12. A method for reducing cellular proliferation in vivo comprising the step of administering the RNA molecule as in claim 7 to a cell or mammal.

13. A method for inhibiting at least one intracellular signalling pathway comprising the step of administering the RNA molecule as in claim 7 to a cell or mammal.

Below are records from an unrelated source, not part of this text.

Theorem lemma5 (Q : query) (D : dataset) (tin tout : Z) (oI : nat) :
  DTP_instance Q D tin tout ->
  nonrecursive (qprog Q) ->
  connected_query Q ->
  no_rigid_atoms (qprog Q) ->
  fresh_obj Q D oI ->
  (DTP Q D tin tout <->
   forall o : list nat,
     Forall (critical_domain Q D oI) o ->
     answers Q (union D (bcu Q D tin tout oI)) tout o ->
     answers Q D tout o).
Proof.
  intros [[[[_ Hwf] [_ Hgoal]] _] [[HD _] _]] Hnonrec Hconn Hnorigid [HfP HfD].
  split; [intros Hdtp o _; apply (Hdtp _ (bcu_update Q D tin tout oI HD))|].
  intros Hcrit U HU o. split.
  { intros [Hlen E]. split; [exact Hlen|]. revert E. apply entails_mono. now left. }
  intros [Hlen E].
  destruct (retraction_onto (critical_domain Q D oI) oI (or_intror (or_intror eq_refl)))
    as [h [Hfix [Hout Hinto]]].
  assert (Ecut : answers Q (union D (bcu Q D tin tout oI)) tout (map h o)).
  { split; [now rewrite length_map|].
    eapply entails_mono; [exact (rename_relevant_part_incl_bcu Q tout Hwf Hnonrec Hconn
                                   Hnorigid Hgoal D tin oI h U Hfix Hinto HU)|].
    rewrite <- rename_goal. apply entails_rename; [intros c Hc; apply Hfix; now left|].
    apply entails_relevant_part;
      [reflexivity|now apply (time_arg_split _ (map OConst o))|exact E]. }
  destruct (Hcrit (map h o)) as [_ ED]; [|exact Ecut|].
  { apply Forall_forall. intros x Hx. apply in_map_iff in Hx as [c [<- _]]. apply Hinto. }
  assert (Ho : forall c, In c o -> h c = c).
  { intros c Hc. apply Hfix. apply NNPP. intros Hnot.
    apply (entails_avoids_fresh _ _ _ oI Hwf HD HfP HfD ED). apply in_or_app. left.
    rewrite <- (Hout c Hnot). now apply in_map, in_map. }
  rewrite (map_ext_in _ _ _ Ho), map_id in ED. now split.
Qed.
Lemma hypercube_rep (S : {fset cell}) (VS : {in S, forall c, valid_cell c}) U :
  hypercube_in S U ->
  exists n (M0 : {fset edge}) (cs : 'I_n -> cell), resonant_family S M0 cs /\ U = cube M0 cs.
Proof.
case=> pmU [n [phi [inj memb adj]]].
exists n, (phi set0), (hypercube_hex adj); split.
  exact: (resonant_family_hypercube VS pmU inj memb adj).
exact: (hypercube_cube_eq VS pmU inj memb adj).
Qed.

(** * Clar covers *)

Definition asbool (P : Prop) : bool := if excluded_middle_informative P then true else false.
Lemma asboolP P : reflect P (asbool P).
Proof. by rewrite /asbool; case: excluded_middle_informative => H; constructor. Qed.

Definition matchings_in (S : {fset cell}) (F : {fset edge}) :=
  [fset M in fpowerset F | asbool (perfect_matching S M)].
Lemma mem_matchings_in S F M : M \in matchings_in S F <-> M `<=` F /\ perfect_matching S M.
Proof.
rewrite !inE fpowersetE; split; first by case/andP => -> /asboolP.
by case=> -> H; apply/asboolP.
Qed.

Lemma resonant_hex_comp S F M c :
  perfect_matching S M -> M `<=` F -> hex_comp S F c -> resonant S M c.
Proof.
move=> pM MF [Sc cF cl]; split => //.
apply: (alternating6 (P := fun k => hex_edge c k \in M)); first by move=> k; rewrite hex_edge_mod.
move=> k _.
have [g gM vg] := pm_cover pM (ex_intro2 _ _ c Sc (mem_hex_vertex c k.+1)).
have gc : g \in hex_edges c.
  apply: cl; first exact: (fsubsetP MF).
  by exists (hex_vertex c k.+1) => //; apply: mem_hex_vertex.
have Hg : g = hex_edge c k.+1 \/ g = hex_edge c k.
  case: (hex_edges_at_vertex gc vg) => ->; [by left | right].
  by rewrite -hex_edge_mod -[RHS]hex_edge_mod; congr hex_edge; lia.
case E1: (hex_edge c k \in M); case E2: (hex_edge c k.+1 \in M) => //.
  by case: (pm_hex_edge_succF pM E1 E2).
by case: Hg => Eg; move: gM; rewrite Eg ?E1 ?E2.
Qed.

Section Clar.
Variable S : {fset cell}.
Variables (n : nat) (M0 : {fset edge}) (cs : 'I_n -> cell).
Hypothesis rf : resonant_family S M0 cs.

Definition clar_of := M0 `|` hexes_edges cs.

Lemma clar_ofE e : (e \in clar_of) = (e \in M0) || [exists i, e \in hex_edges (cs i)].
Proof. by rewrite /clar_of inE hexes_edgesE. Qed.

Lemma base_edge_at_hex i v f :
  v \in hex_vertices (cs i) -> f \in M0 -> incident v f -> f \in hex_edges (cs i).
Proof. move=> vi fM vf; exact: resonant_pm_edge (pm_base rf) (resonant_base rf i) vi fM vf. Qed.

Lemma hex_comp_clar_of i : hex_comp S clar_of (cs i).
Proof.
split; first exact: family_in rf i.
  by apply/fsubsetP => e ei; rewrite clar_ofE; apply/orP; right; apply/existsP; exists i.
move=> f; rewrite clar_ofE => /orP[fM|/existsP[j fj]] [v vi vf].
  exact: base_edge_at_hex vi fM vf.
by rewrite (family_vertex_disj rf vi (incident_hex_vertices fj vf)).
Qed.

Lemma clar_cover_clar_of : clar_cover S clar_of.
Proof.
split.
- move=> e; rewrite clar_ofE => /orP[eM|/existsP[j ej]]; first exact: pm_Hedge (pm_base rf) eM.
  exact: Hedge_hex (family_in rf j) ej.
- move=> v Hv; have [e eM ve] := pm_cover (pm_base rf) Hv; exists e => //.
  by rewrite clar_ofE eM.
- move=> e eF; case he: [exists i, e \in hex_edges (cs i)].
    by case/existsP: he => i ei; right; exists (cs i) => //; apply: hex_comp_clar_of.
  have eM : e \in M0 by move: eF; rewrite clar_ofE he orbF.
  left; split => // f fF tef.
  have [v ve vf] : exists2 v, incident v e & incident v f.
    move: tef; rewrite /touch => /orP[H|H]; [exists (ends e).1|exists (ends e).2] => //;
    by rewrite /incident eqxx ?orbT.
  move: fF; rewrite clar_ofE => /orP[fM|/existsP[j fj]].
    exact: pm_incident_uniq (pm_base rf) fM eM vf ve.
  have vj := incident_hex_vertices fj vf.
  by move: (exists_false he j); rewrite (base_edge_at_hex vj eM ve).
Qed.

Lemma sub_clar_ofP M :
  (M `<=` clar_of /\ perfect_matching S M) <-> exists A, cube_matching M0 cs A = M.
Proof.
split; last first.
  case=> A <-; split; last exact: pm_cube_matching rf A.
  by apply/fsubsetP => e; rewrite inE => /andP[].
case=> MF pM.
have rM : forall i, resonant S M (cs i).
  move=> i; exact: resonant_hex_comp pM MF (hex_comp_clar_of i).
exists [set i | (hex_edge (cs i) 0 \in M) != (hex_edge (cs i) 0 \in M0)].
apply/fsetP => e; rewrite cube_matchingE.
case he: [exists i, e \in hex_edges (cs i)].
  case/existsP: he => i ei; rewrite (on_hexesE rf _ ei) inE.
  have [_ [b Hb]] := rM i; have [_ [b0 Hb0]] := resonant_base rf i.
  case/hex_edgesP: ei => k _ ->; rewrite !Hb !Hb0.
  by clear; case: (odd k); case: b; case: b0.
rewrite on_hexes0; last exact: exists_false he.
have -> : ((e \in M0) != false) = (e \in M0) by case: (e \in M0).
apply/idP/idP => [eM|eM]; last by move: (fsubsetP MF e eM); rewrite clar_ofE he orbF.
have ve : incident (ends e).1 e by rewrite /incident eqxx.
have [f fM vf] := pm_cover pM (Hvtx_incident (pm_Hedge (pm_base rf) eM) ve).
move: (fsubsetP MF f fM); rewrite clar_ofE => /orP[fM0|/existsP[j fj]].
  by rewrite (pm_incident_uniq (pm_base rf) eM fM0 ve vf).
have vj := incident_hex_vertices fj vf.
by move: (exists_false he j); rewrite (base_edge_at_hex vj eM ve).
Qed.

Lemma matchings_in_clar_of : matchings_in S clar_of = cube M0 cs.
Proof.
apply/fsetP => M; apply/idP/idP.
  by move/mem_matchings_in/sub_clar_ofP/(mem_cube M0 cs M).
by move/(mem_cube M0 cs M)/sub_clar_ofP/mem_matchings_in.
Qed.

Lemma clar_of_covered e : e \in clar_of -> exists2 M, M \in cube M0 cs & e \in M.
Proof.
rewrite clar_ofE => /orP[eM|/existsP[i ei]].
  exists (cube_matching M0 cs set0); first by apply/(mem_cube M0 cs); exists set0.
  by rewrite cube_matchingE eM; apply/negP => /existsP [i]; rewrite inE.
case eM: (e \in M0).
  exists (cube_matching M0 cs set0); first by apply/(mem_cube M0 cs); exists set0.
  by rewrite cube_matchingE eM (on_hexesE rf _ ei) inE.
exists (cube_matching M0 cs [set i]); first by apply/(mem_cube M0 cs); exists [set i].
by rewrite cube_matchingE eM (on_hexesE rf _ ei) inE eqxx.
Qed.
End Clar.

Lemma hex_edge_not_single F c k : hex_edges c `<=` F -> ~ single_comp F (hex_edge c k).
Proof.
move=> cF [_ single].
have := single _ (fsubsetP cF _ (mem_hex_edge c k.+1))
  (touch_incident (incident_hex_vertex_succ c k) (incident_hex_vertex _ _)).
by move/eqP; rewrite eq_sym (negbTE (hex_edge_neq_succ c k)).
Qed.

Section ClarRep.
Variables (S : {fset cell}) (VS : {in S, forall c, valid_cell c}).
Variables (F : {fset edge}) (CF : clar_cover S F).

Lemma hex_comp_disj c c' v : hex_comp S F c -> hex_comp S F c' ->
  v \in hex_vertices c -> v \in hex_vertices c' -> c = c'.
Proof.
move=> [Sc cF clc] [Sc' cF' _] vc /hex_verticesP [k _ Ev]; subst v.
have h1 : hex_edge c' k \in hex_edges c.
  apply: clc; first exact: (fsubsetP cF' _ (mem_hex_edge _ _)).
  by exists (hex_vertex c' k) => //; apply: incident_hex_vertex.
have h2 : hex_edge c' (k + 5) \in hex_edges c.
  apply: clc; first exact: (fsubsetP cF' _ (mem_hex_edge _ _)).
  by exists (hex_vertex c' k) => //; apply: incident_hex_vertex_pred.
have ne : hex_edge c' k != hex_edge c' (k + 5) by rewrite eq_hex_edge; lia.
exact: hex_eq_of_two_edges (VS Sc') (VS Sc) ne (mem_hex_edge _ _) (mem_hex_edge _ _) h1 h2.
Qed.

Definition clar_hexes := [fset c in S | asbool (hex_comp S F c)].
Lemma mem_clar_hexes c : c \in clar_hexes <-> hex_comp S F c.
Proof.
rewrite !inE; split; first by case/andP => _ /asboolP.
by move=> H; apply/andP; split; [case: H | apply/asboolP].
Qed.

Definition nclar := size clar_hexes.
Definition clar_hex (i : 'I_nclar) : cell := nth (0%R, 0%R) clar_hexes i.

Lemma hex_comp_clar_hex i : hex_comp S F (clar_hex i).
Proof. apply/mem_clar_hexes; exact: mem_nth. Qed.

Lemma clar_hexP c : hex_comp S F c -> exists i, clar_hex i = c.
Proof.
move/mem_clar_hexes => cH; have Hi : index c clar_hexes < nclar by rewrite /nclar index_mem.
by exists (Ordinal Hi); rewrite /clar_hex nth_index.
Qed.

Lemma clar_hex_inj i j : clar_hex i = clar_hex j -> i = j.
Proof.
move=> /eqP; rewrite /clar_hex nth_uniq ?fset_uniq //; first by move/eqP/val_inj.
Qed.

Definition even_hex_edge c e := [exists k : 'I_6, ~~ odd k && (e == hex_edge c k)].
Definition clar_matching :=
  [fset e in F | asbool (single_comp F e) || [exists i, even_hex_edge (clar_hex i) e]].

Lemma clar_matchingE e : (e \in clar_matching) =
  (e \in F) && (asbool (single_comp F e) || [exists i, even_hex_edge (clar_hex i) e]).
Proof. by rewrite !inE. Qed.

Lemma resonant_clar_matching i : resonant S clar_matching (clar_hex i).
Proof.
have [Sc cF clc] := hex_comp_clar_hex i.
split => //; exists false => k; rewrite clar_matchingE (fsubsetP cF _ (mem_hex_edge _ _)) /=.
case ok: (odd k) => /=.
  apply/negbTE; rewrite negb_or; apply/andP; split.
    by apply/negP => /asboolP; apply: hex_edge_not_single cF.
  apply/negP => /existsP [j /existsP [l /andP [ol /eqP E]]].
  have vj : hex_vertex (clar_hex i) k \in hex_vertices (clar_hex j).
    apply: (incident_hex_vertices (e := hex_edge (clar_hex i) k)); last exact: incident_hex_vertex.
    by rewrite E mem_hex_edge.
  have cij := hex_comp_disj (hex_comp_clar_hex i) (hex_comp_clar_hex j) (mem_hex_vertex _ k) vj.
  move: E; rewrite -cij => /eqP; rewrite eq_hex_edge => /eqP E.
  by move: ol; rewrite -odd_mod6 -E odd_mod6 ok.
apply/orP; right; apply/existsP; exists i; apply/existsP.
have Hk : (k %% 6 < 6)%N by rewrite ltn_mod.
exists (Ordinal Hk); by rewrite /= odd_mod6 ok hex_edge_mod eqxx.
Qed.

Lemma pm_clar_matching : perfect_matching S clar_matching.
Proof.
have [CE CV CC] := CF.
have M0F : forall e, e \in clar_matching -> e \in F by move=> e; rewrite clar_matchingE => /andP[].
have inhex e : e \in clar_matching -> ~ single_comp F e -> exists i, e \in hex_edges (clar_hex i).
  rewrite clar_matchingE => /andP[_ /orP[/asboolP //|]].
  move=> /existsP [i /existsP [k /andP[_ /eqP ->]]] _.
  by exists i; apply: mem_hex_edge.
apply: perfect_matchingI.
- by move=> e /M0F /CE.
- move=> v Hv; have [e eF ve] := CV v Hv.
  case: (CC e eF) => [se|[c hc ec]].
    by exists e => //; rewrite clar_matchingE eF; apply/orP; left; apply/asboolP.
  have [i Ei] := clar_hexP hc; subst c.
  have vc := incident_hex_vertices ec ve.
  have [f fM /andP[_ vf]] := resonant_cover (resonant_clar_matching i) vc.
  by exists f.
- move=> v e f eM fM ve vf.
  case: (excluded_middle_informative (single_comp F e)) => [se|nse].
    exact/esym/(single_comp_uniq se (M0F _ fM) ve vf).
  case: (excluded_middle_informative (single_comp F f)) => [sf|nsf].
    exact: (single_comp_uniq sf (M0F _ eM) vf ve).
  have [i ei] := inhex e eM nse; have [j fj] := inhex f fM nsf.
  have vi := incident_hex_vertices ei ve; have vj := incident_hex_vertices fj vf.
  have cij := hex_comp_disj (hex_comp_clar_hex i) (hex_comp_clar_hex j) vi vj.
  rewrite -cij in fj.
  have /hex_verticesP [k _ Ev] := vi; subst v.
  exact: resonant_hex_uniq (resonant_clar_matching i) eM fM ei fj ve vf.
Qed.

Lemma resonant_family_clar : resonant_family S clar_matching clar_hex.
Proof.
split; [exact: pm_clar_matching | exact: resonant_clar_matching |].
move=> i j ij v vi vj; move: ij.
by rewrite (clar_hex_inj (hex_comp_disj (hex_comp_clar_hex i) (hex_comp_clar_hex j) vi vj)) eqxx.
Qed.

Lemma clar_of_clar_matching : F = clar_of clar_matching clar_hex.
Proof.
have [CE CV CC] := CF.
apply/fsetP => e; rewrite clar_ofE; apply/idP/idP => [eF|].
  case: (CC e eF) => [se|[c hc ec]].
    by rewrite clar_matchingE eF; apply/orP; left; apply/orP; left; apply/asboolP.
  have [i Ei] := clar_hexP hc; subst c.
  by apply/orP; right; apply/existsP; exists i.
case/orP => [|/existsP [i ei]]; first by rewrite clar_matchingE => /andP[].
by have [_ cF _] := hex_comp_clar_hex i; apply: (fsubsetP cF).
Qed.
End ClarRep.

Lemma clar_rep (S : {fset cell}) (VS : {in S, forall c, valid_cell c}) F : clar_cover S F ->
  exists n (M0 : {fset edge}) (cs : 'I_n -> cell), resonant_family S M0 cs /\ F = clar_of M0 cs.
Proof.
move=> CF; have rf := resonant_family_clar VS CF; have E := clar_of_clar_matching CF.
by do 3 eexists; split; [exact: rf | exact: E].
Qed.

(** * Maximality and alternating hexagons *)

Lemma alternating_single_parity F c :
  (exists e1 e2 e3,
    [/\ e1 \in hex_edges c, e2 \in hex_edges c, e3 \in hex_edges c,
        ~~ touch e1 e2 /\ ~~ touch e1 e3 /\ ~~ touch e2 e3
      & single_comp F e1 /\ single_comp F e2 /\ single_comp F e3]) ->
  exists b, forall k, odd k = b -> single_comp F (hex_edge c k).
Proof.
case=> e1 [e2 [e3 [h1 h2 h3 [t12 [t13 t23]] [s1 [s2 s3]]]]].
case/hex_edgesP: h1 => k1 K1 E1; case/hex_edgesP: h2 => k2 K2 E2.
case/hex_edgesP: h3 => k3 K3 E3; rewrite E1 E2 E3 in t12 t13 t23 s1 s2 s3.
exists (odd k1) => k ok; rewrite -hex_edge_mod.
have := non_touching_parity K1 K2 K3 t12 t13 t23 (ltn_mod k 6).
by rewrite odd_mod6 ok => /(_ erefl) [] ->.
Qed.

Lemma alternating_hexI (S : {fset cell}) F c b : c \in S -> ~ hex_comp S F c ->
  (forall k, odd k = b -> single_comp F (hex_edge c k)) -> alternating_hex S F.
Proof.
move=> Sc nhc single; exists c; split => //.
exists (hex_edge c b), (hex_edge c (b + 2)), (hex_edge c (b + 4)).
split; try exact: mem_hex_edge; first by rewrite !touch_hex_edges; clear single; case: b.
by split; [|split]; apply: single; rewrite ?oddD /=; case: b.
Qed.
(* Let $x,y>0$ and $r,s\in\mathbb{R}$, and let $F_{r,s;x,y}(w)=E(r+w,s+w;x,y)$ for $w\in\mathbb{R}$. If $s+r>0$, then the function $w\mapsto w\ln F_{r,s;x,y}(w)$ is convex on $\bigl(-\frac{s+r}{2},0\bigr)$. If $s+r<0$, then $w\mapsto w\ln F_{r,s;x,y}(w)$ is convex on $\bigl(0,-\frac{s+r}{2}\bigr)$.
   Context: For $x,y>0$ and $r,s\in\mathbb{R}$ the extended mean values are defined by $E(r,s;x,y)=\bigl(\frac{r}{s}\cdot\frac{y^s-x^s}{y^r-x^r}\bigr)^{1/(s-r)}$ if $rs(r-s)(x-y)\neq0$; $E(r,0;x,y)=E(0,r;x,y)=\bigl(\frac1r\cdot\frac{y^r-x^r}{\ln y-\ln x}\bigr)^{1/r}$ if $r(x-y)\neq0$; $E(r,r;x,y)=e^{-1/r}\bigl(\frac{x^{x^r}}{y^{y^r}}\bigr)^{1/(x^r-y^r)}$ if $r(x-y)\neq0$; $E(0,0;x,y)=\sqrt{xy}$ if $x\neq y$; $E(r,s;x,x)=x$. *)

From Stdlib Require Import Reals Lra.
Open Scope R_scope.

Definition E (r s x y : R) : R :=
  if Req_EM_T x y then x
  else if Req_EM_T r 0 then
         (if Req_EM_T s 0 then sqrt (x * y)
          else Rpower ((1 / s) * (Rpower y s - Rpower x s) / (ln y - ln x)) (1 / s))
  else if Req_EM_T s 0 then
         Rpower ((1 / r) * (Rpower y r - Rpower x r) / (ln y - ln x)) (1 / r)
  else if Req_EM_T r s then
         exp (- (1 / r)) *
         Rpower (Rpower x (Rpower x r) / Rpower y (Rpower y r))
                (1 / (Rpower x r - Rpower y r))
  else Rpower ((r / s) * (Rpower y s - Rpower x s) / (Rpower y r - Rpower x r))
              (1 / (s - r)).

Definition F (r s x y w : R) : R := E (r + w) (s + w) x y.

Definition convex_on (f : R -> R) (a b : R) : Prop :=
  forall u v t, a < u < b -> a < v < b -> 0 <= t <= 1 ->
    f (t * u + (1 - t) * v) <= t * f u + (1 - t) * f v.

(* Put m = (ln x + ln y)/2, c = (ln y - ln x)/2 and K(u) = ln (sinh u / u),
   K(0) = 0.  The factorization y^t - x^t = 2ct e^{mt} sinh(ct)/(ct) turns
   every branch of the definition of E into one formula: for x <> y,
       ln E(p,q;x,y) = m + [p,q]k,     k(u) = K(cu),
   where [p,q]k is the divided difference (k q - k p)/(q - p), equal to k'(p)
   on the diagonal.  So w ln F(w) = m w + w [r+w, s+w]k, and it suffices to
   show that g(w) = w [r+w, s+w]k is convex.

   This is proved for any k such that k1 = k' is continuous, k1' = k2 >= 0
   away from 0 and k2 is nonincreasing in |u|: then g' is nondecreasing on
   (-(s+r)/2, 0) when s + r > 0, and the case s + r < 0 follows by the
   reflection w |-> -w when k is even.  The kernel K has these properties,
   K2 = 1/u^2 - 1/sinh^2 u being nonincreasing on (0,oo) because
   u^3 cosh u <= sinh^3 u. *)

From Stdlib Require Import Reals Lra Psatz.
Open Scope R_scope.

Lemma continuity_of_derivative (f : R -> R) (x l : R) :
  derivable_pt_lim f x l -> continuity_pt f x.
Proof. intro Hd. apply derivable_continuous_pt. exists l. exact Hd. Qed.
Lemma integral_trunc_step_lhs k M :
  (\int[P]_s ((so^\+ \_ (odometer_le M)) s
       + \sum_(y <- nbrs o) trunc_odometer k M s y)%:E
   = \int[P]_(s in odometer_le M) (so^\+ s)%:E
     + deg%:E * \int[P]_s (trunc_odometer k M s o)%:E)%E.
Proof.
rewrite ge0_integral_EFinD //; first last.
- by move=> s; apply: sumr_ge0 => y _; exact: trunc_odometer_ge0.
- exact: restrict_funrpos_ge0.
- by apply: measurable_sum => y; exact: measurable_trunc_odometer.
- exact: measurable_restrict_funrpos.
rewrite ge0_integral_EFin_sum; last 2 first.
- exact: measurable_trunc_odometer.
- by move=> y s; exact: trunc_odometer_ge0.
under eq_bigr do rewrite integral_trunc_odometer_nbr.
rewrite sumr_cst_seq mule_natl (integral_mkcond (odometer_le M)).
by congr (_ + _)%E; apply: eq_integral => s _; rewrite !patchE; case: ifP.
Qed.

Lemma integral_trunc_step_rhs k M :
  (\int[P]_s (1 + so^\- s + deg * trunc_odometer k M s o)%:E
   = 1 + \int[P]_s (so^\- s)%:E
     + deg%:E * \int[P]_s (trunc_odometer k M s o)%:E)%E.
Proof.
have m_neg : measurable_fun setT so^\-.
  by apply: measurable_funrneg; exact: measurable_coord.
rewrite !ge0_integral_EFinD //; last 4 first.
- exact: measurable_funD.
- by apply: measurable_funM => //; exact: measurable_trunc_odometer.
- by move=> s; rewrite addr_ge0 ?funrneg_ge0.
- by move=> s; rewrite mulr_ge0 ?trunc_odometer_ge0.
rewrite ge0_integral_EFinZl //; first by rewrite integral_cst_probability.
- exact: measurable_trunc_odometer.
- by move=> s; exact: trunc_odometer_ge0.
Qed.

Lemma integral_trunc_odometer_step k M :
  (\int[P]_(s in odometer_le M) (so^\+ s)%:E
     + deg%:E * \int[P]_s (trunc_odometer k M s o)%:E
   <= 1 + \int[P]_s (so^\- s)%:E
     + deg%:E * \int[P]_s (trunc_odometer k.+1 M s o)%:E)%E.
Proof.
rewrite -integral_trunc_step_lhs -integral_trunc_step_rhs.
apply: ge0_le_integral_EFin; last exact: trunc_odometer_step.
- apply: measurable_funD; first exact: measurable_restrict_funrpos.
  by apply: measurable_sum => y; exact: measurable_trunc_odometer.
- apply: measurable_funD.
    by apply: measurable_funD => //; apply: measurable_funrneg;
      exact: measurable_coord.
  by apply: measurable_funM => //; exact: measurable_trunc_odometer.
- move=> s; rewrite addr_ge0 ?restrict_funrpos_ge0 //.
  by apply: sumr_ge0 => y _; exact: trunc_odometer_ge0.
Qed.

Lemma integral_trunc_odometer_le k M :
  (\int[P]_s (trunc_odometer k M s o)%:E <= (M%:R)%:E)%E.
Proof.
apply: le_trans (ge0_le_integral_EFin P (measurable_trunc_odometer k M o)
  (measurable_cst (M%:R : R)) (fun s => trunc_odometer_ge0 k M s o)
  (fun s => trunc_odometer_le k M s o)) _.
by rewrite /= integral_cst_probability.
Qed.

Lemma integral_odometer_le_funrpos M :
  (\int[P]_s (so^\- s)%:E)%E \is a fin_num ->
  (\int[P]_(s in odometer_le M) (so^\+ s)%:E <= 1 + \int[P]_s (so^\- s)%:E)%E.
Proof.
move=> neg_fin.
apply: (bounded_drift_lee (M := deg * M%:R) _ _
  (fun k => integral_trunc_odometer_step k M)).
  by rewrite fin_numD neg_fin.
move=> k; rewrite mule_ge0 ?lee_fin ?ler0n ?integral_ge0 //=.
  by rewrite EFinM lee_wpmul2l ?lee_fin ?ler0n ?integral_trunc_odometer_le.
by move=> s _; rewrite lee_fin trunc_odometer_ge0.
Qed.

Lemma integral_funrpos_le : P (\bigcup_M odometer_le M) = 1%E ->
  (\int[P]_s (so^\- s)%:E)%E \is a fin_num ->
  (\int[P]_s (so^\+ s)%:E <= 1 + \int[P]_s (so^\- s)%:E)%E.
Proof.
move=> N1 neg_fin.
have mN := @measurable_bigcup_odometer_le R V nbrs o.
have m_pos : measurable_fun setT (fun s : RV R V => (so^\+ s)%:E).
  by apply/measurable_EFinP/measurable_funrpos; exact: measurable_coord.
have pos_ge0 (s : RV R V) : (0 <= (so^\+ s)%:E)%E.
  by rewrite lee_fin funrpos_ge0.
have notN0 : P (~` \bigcup_M odometer_le M) = 0%E.
  by rewrite probability_setC // N1 subee.
rewrite (ge0_negligible_integral _ _ _ _ notN0) //; last exact: measurableC.
rewrite setTD setCK.
have cvg_pos := ge0_nondecreasing_set_cvg_integral (mu := P)
  (@odometer_le_nondecreasing R V nbrs o) (@measurable_odometer_le R V nbrs o)
  (fun M => measurable_funS measurableT (@subsetT _ _) m_pos)
  (fun M s _ => pos_ge0 s).
apply: (lee_cvg_to cvg_pos (cvg_cst _)).
by apply: nearW => M; exact: integral_odometer_le_funrpos.
Qed.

14. A method for the treatment of cancer comprising administering an RNA molecule as in claim 7 to a patient in need thereof.

15. The method as in claim 14 wherein the cancer is breast or colon cancer.

16. A method to reduce cell proliferation comprising administering to a cell an effective amount of a reagent that reduces Src expression; and administering to a cell an effective amount of an additional reagent that reduces activity of at least one non-Src protein, wherein the non-Src protein is a protein involved in intracellular proliferative signalling.

17. A method in accordance with claim 16 wherein the reagent that reduces Src expression is a double stranded RNA molecule.

18. A method in accordance with claim 17 wherein the additional reagent is a double stranded RNA molecule, an antibody, or a targeted drug therapy reagent.

19. The method as in claim 16 wherein the protein involved in intracellular proliferative signalling is Stat3 or cMyc.